__PROBLEM DESCRIPTION__:
Output the line that contains "intros n. rewrite" and every line after it to the end of the entries, with nothing added or left out.
____ RECORDS FOR THIS EXERCISE
Lemma peval_linear_of_growth p (t : nat -> R) K : is_lim_seq t p_infty ->
  (exists N, forall n, (N <= n)%nat -> Rabs (peval p (t n)) <= K * (1 + t n)) ->
  exists c0 c1, forall y, peval p y = c0 + c1 * y.
Proof.
  intros Ht [N HN].
  set (c0 := nth 0 p 0). set (c1 := nth 1 p 0). set (r := skipn 2 p).
  assert (Hsplit : forall y, peval p y = c0 + y * (c1 + y * peval r y))
    by (intros y; unfold c0, c1, r; destruct p as [|u [|v q]]; simpl; ring).
  exists c0, c1. intros y. rewrite Hsplit.
  enough (Hr : forall y, peval r y = 0) by (rewrite Hr; ring).
  apply (peval_const_of_filterlim r t 0 Ht).
  set (K' := 2 * Rabs K + Rabs c0 + Rabs c1).
  change (filterlim (fun n => peval r (t n)) eventually (Rbar_locally 0)).
  apply (filterlim_le_le (fun n => - K' * / t n) _ (fun n => K' * / t n));
    [|apply filterlim_scal_Rinv_p_infty, Ht|apply filterlim_scal_Rinv_p_infty, Ht].
  - destruct (proj2 (is_lim_seq_spec t p_infty) Ht 1) as [N1 HN1].
    exists (max N N1). intros n Hn.
    specialize (HN n ltac:(lia)). specialize (HN1 n ltac:(lia)).
    rewrite Hsplit in HN. set (x := t n) in *. set (v := peval r x) in *.
    assert (Hv : Rabs (x * x * v) <= K' * x).
    { replace (x * x * v) with ((c0 + x * (c1 + x * v)) - c0 - c1 * x) by ring.
      unfold Rminus. eapply Rle_trans; [apply Rabs_triang|].
      rewrite Rabs_Ropp, Rabs_mult, (Rabs_right x) by lra.
      pose proof (Rabs_triang (c0 + x * (c1 + x * v)) (- c0)). rewrite Rabs_Ropp in H.
      pose proof (Rabs_pos K). pose proof (Rle_abs K). pose proof (Rabs_pos c0). pose proof (Rabs_pos c1).
      unfold K'. nra. }
    rewrite !Rabs_mult, (Rabs_right x) in Hv by lra.
    assert (Habs : Rabs v <= K' * / x).
    { apply (Rmult_le_reg_l (x * x)); [nra|]. replace (x * x * (K' * / x)) with (K' * x) by (field; lra).
      exact Hv. }
    apply Rabs_le_between in Habs. lra.
Qed.

Lemma is_lim_seq_inv_INR : is_lim_seq (fun n => / INR n) 0.
Proof.
  replace (Finite 0) with (Rbar_inv p_infty) by reflexivity.
  apply is_lim_seq_inv; [apply is_lim_seq_INR|discriminate].
Qed.

Lemma is_lim_seq_log_scale_div_INR : is_lim_seq (fun n => log_scale n / INR n) 0.
Proof.
  apply (is_lim_seq_ext (fun n => ln (INR n) / INR n + euler_gamma * / INR n)).
  { intros n. unfold log_scale, Rdiv. ring. }
  replace (Finite 0) with (Finite (0 + euler_gamma * 0)) by (f_equal; ring).
  apply is_lim_seq_plus'; [|apply is_lim_seq_mult'; [apply is_lim_seq_const|apply is_lim_seq_inv_INR]].
  apply (is_lim_comp_seq (fun y => ln y / y) INR p_infty 0);
    [apply is_lim_div_ln_p| |apply is_lim_seq_INR].
  exists 0%nat. intros; discriminate.
Qed.

Lemma is_lim_seq_harm_sub_log_scale : is_lim_seq (fun n => harm n - log_scale n) 0.
Proof.
  apply (is_lim_seq_le_le_loc (fun n => - / INR n) _ (fun n => / INR n)).
  - exists 1%nat. intros n Hn. apply Rabs_le_between, harm_sub_log_scale. lia.
  - replace (Finite 0) with (Rbar_opp 0) by (simpl; f_equal; ring). apply -> is_lim_seq_opp. apply is_lim_seq_inv_INR.
  - apply is_lim_seq_inv_INR.
Qed.

Lemma is_lim_seq_log_scale_mul_harm_sub :
  is_lim_seq (fun n => log_scale n * (harm n - log_scale n)) 0.
Proof.
  apply (is_lim_seq_le_le_loc (fun n => - (log_scale n / INR n)) _ (fun n => log_scale n / INR n)).
  - exists 1%nat. intros n Hn. apply Rabs_le_between. rewrite Rabs_mult, Rabs_right
      by (apply Rle_ge, log_scale_nonneg; lia).
    apply Rmult_le_compat_l; [apply log_scale_nonneg; lia|]. apply harm_sub_log_scale. lia.
  - replace (Finite 0) with (Rbar_opp 0) by (simpl; f_equal; ring).
    apply -> is_lim_seq_opp. apply is_lim_seq_log_scale_div_INR.
  - apply is_lim_seq_log_scale_div_INR.
Qed.

Section StuffleRegularization.

Variables (s : list sindex) (a C : R) (P : list R).
Hypothesis Hgrowth : forall n, Rabs (trunc s n - a * harm n ^ 2) <= C * (1 + harm n).
Hypothesis HP : stuffle_reg s P.

Lemma stuffle_reg_quadratic : exists c0 c1, forall y, peval P y = c0 + c1 * y + a * y ^ 2.
Proof.
  assert (HC : 0 <= C).
  { pose proof (Hgrowth 0%nat). pose proof (Rabs_pos (trunc s 0 - a * harm 0 ^ 2)).
    rewrite harm_0 in *. lra. }
  destruct (peval_linear_of_growth (psub P [0; 0; a]) log_scale (1 + 2 * C + 2 * Rabs a)
              is_lim_seq_log_scale) as [c0 [c1 Hlin]].
  - destruct (proj2 (is_lim_seq_spec _ 0) HP (mkposreal 1 Rlt_0_1)) as [N HN].
    exists (max N 1). intros n Hn. specialize (HN n ltac:(lia)). simpl in HN.
    rewrite Rminus_0_r in HN. fold (log_scale n) in HN. rewrite peval_psub. simpl peval.
    pose proof (harm_sub_log_scale n ltac:(lia)) as Hd.
    pose proof (Hgrowth n) as Hg. pose proof (log_scale_nonneg n ltac:(lia)) as Ht.
    pose proof (inv_INR_S_bounds (pred n)) as Hi. replace (S (pred n)) with n in Hi by lia.
    pose proof (harm_nonneg n).
    set (t := log_scale n) in *. set (h := harm n) in *. set (D := trunc s n) in *.
    replace (peval P t - (0 + t * (0 + t * (a + t * 0))))
      with ((peval P t - D) + (D - a * h ^ 2) + a * (h - t) * (h + t)) by ring.
    assert (Hht : Rabs (h - t) <= 1) by lra.
    assert (Hsum : Rabs (h + t) <= 2 * t + 1)
      by (apply Rabs_le_between in Hht; rewrite Rabs_right; lra).
    assert (Ha : Rabs (a * (h - t) * (h + t)) <= Rabs a * (2 * t + 1)).
    { rewrite !Rabs_mult, Rmult_assoc. apply Rmult_le_compat_l; [apply Rabs_pos|].
      pose proof (Rabs_pos (h - t)). pose proof (Rabs_pos (h + t)). nra. }
    pose proof (Rabs_triang (peval P t - D + (D - a * h ^ 2)) (a * (h - t) * (h + t))).
    pose proof (Rabs_triang (peval P t - D) (D - a * h ^ 2)).
    rewrite Rabs_minus_sym in HN. apply Rabs_le_between in Hht.
    pose proof (Rabs_pos a). nra.
  - exists c0, c1. intros y. specialize (Hlin y). rewrite peval_psub in Hlin. simpl in Hlin.
    lra.
Qed.

Lemma is_lim_seq_trunc_sub_quadratic c0 c1 :
  (forall y, peval P y = c0 + c1 * y + a * y ^ 2) ->
  is_lim_seq (fun n => trunc s n - (c0 + c1 * harm n + a * harm n ^ 2)) 0.
Proof.
  intros HPy.
  apply (is_lim_seq_ext (fun n => (trunc s n - peval P (log_scale n)) - c1 * (harm n - log_scale n)
          - a * (2 * (log_scale n * (harm n - log_scale n)) + (harm n - log_scale n) ^ 2))).
  { intros n. rewrite HPy. ring. }
  pose proof is_lim_seq_harm_sub_log_scale as Hd.
  replace (Finite 0) with (Finite (0 - c1 * 0 - a * (2 * 0 + 0 ^ 2))) by (f_equal; ring).
  apply is_lim_seq_minus'; [apply is_lim_seq_minus'|]; [exact HP| |].
  { apply is_lim_seq_mult'; [apply is_lim_seq_const|exact Hd]. }
  apply is_lim_seq_mult'; [apply is_lim_seq_const|]. apply is_lim_seq_plus'.
  { apply is_lim_seq_mult'; [apply is_lim_seq_const|apply is_lim_seq_log_scale_mul_harm_sub]. }
  apply (is_lim_seq_ext (fun n => (harm n - log_scale n) * ((harm n - log_scale n) * 1)));
    [intros; simpl; ring|].
  simpl pow. apply is_lim_seq_mult'; [exact Hd|]. apply is_lim_seq_mult'; [exact Hd|apply is_lim_seq_const].
Qed.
________
__SOLVED PROBLEM__:
  { intros n. rewrite HPy. ring. }
  pose proof is_lim_seq_harm_sub_log_scale as Hd.
  replace (Finite 0) with (Finite (0 - c1 * 0 - a * (2 * 0 + 0 ^ 2))) by (f_equal; ring).
  apply is_lim_seq_minus'; [apply is_lim_seq_minus'|]; [exact HP| |].
  { apply is_lim_seq_mult'; [apply is_lim_seq_const|exact Hd]. }
  apply is_lim_seq_mult'; [apply is_lim_seq_const|]. apply is_lim_seq_plus'.
  { apply is_lim_seq_mult'; [apply is_lim_seq_const|apply is_lim_seq_log_scale_mul_harm_sub]. }
  apply (is_lim_seq_ext (fun n => (harm n - log_scale n) * ((harm n - log_scale n) * 1)));
    [intros; simpl; ring|].
  simpl pow. apply is_lim_seq_mult'; [exact Hd|]. apply is_lim_seq_mult'; [exact Hd|apply is_lim_seq_const].
Qed.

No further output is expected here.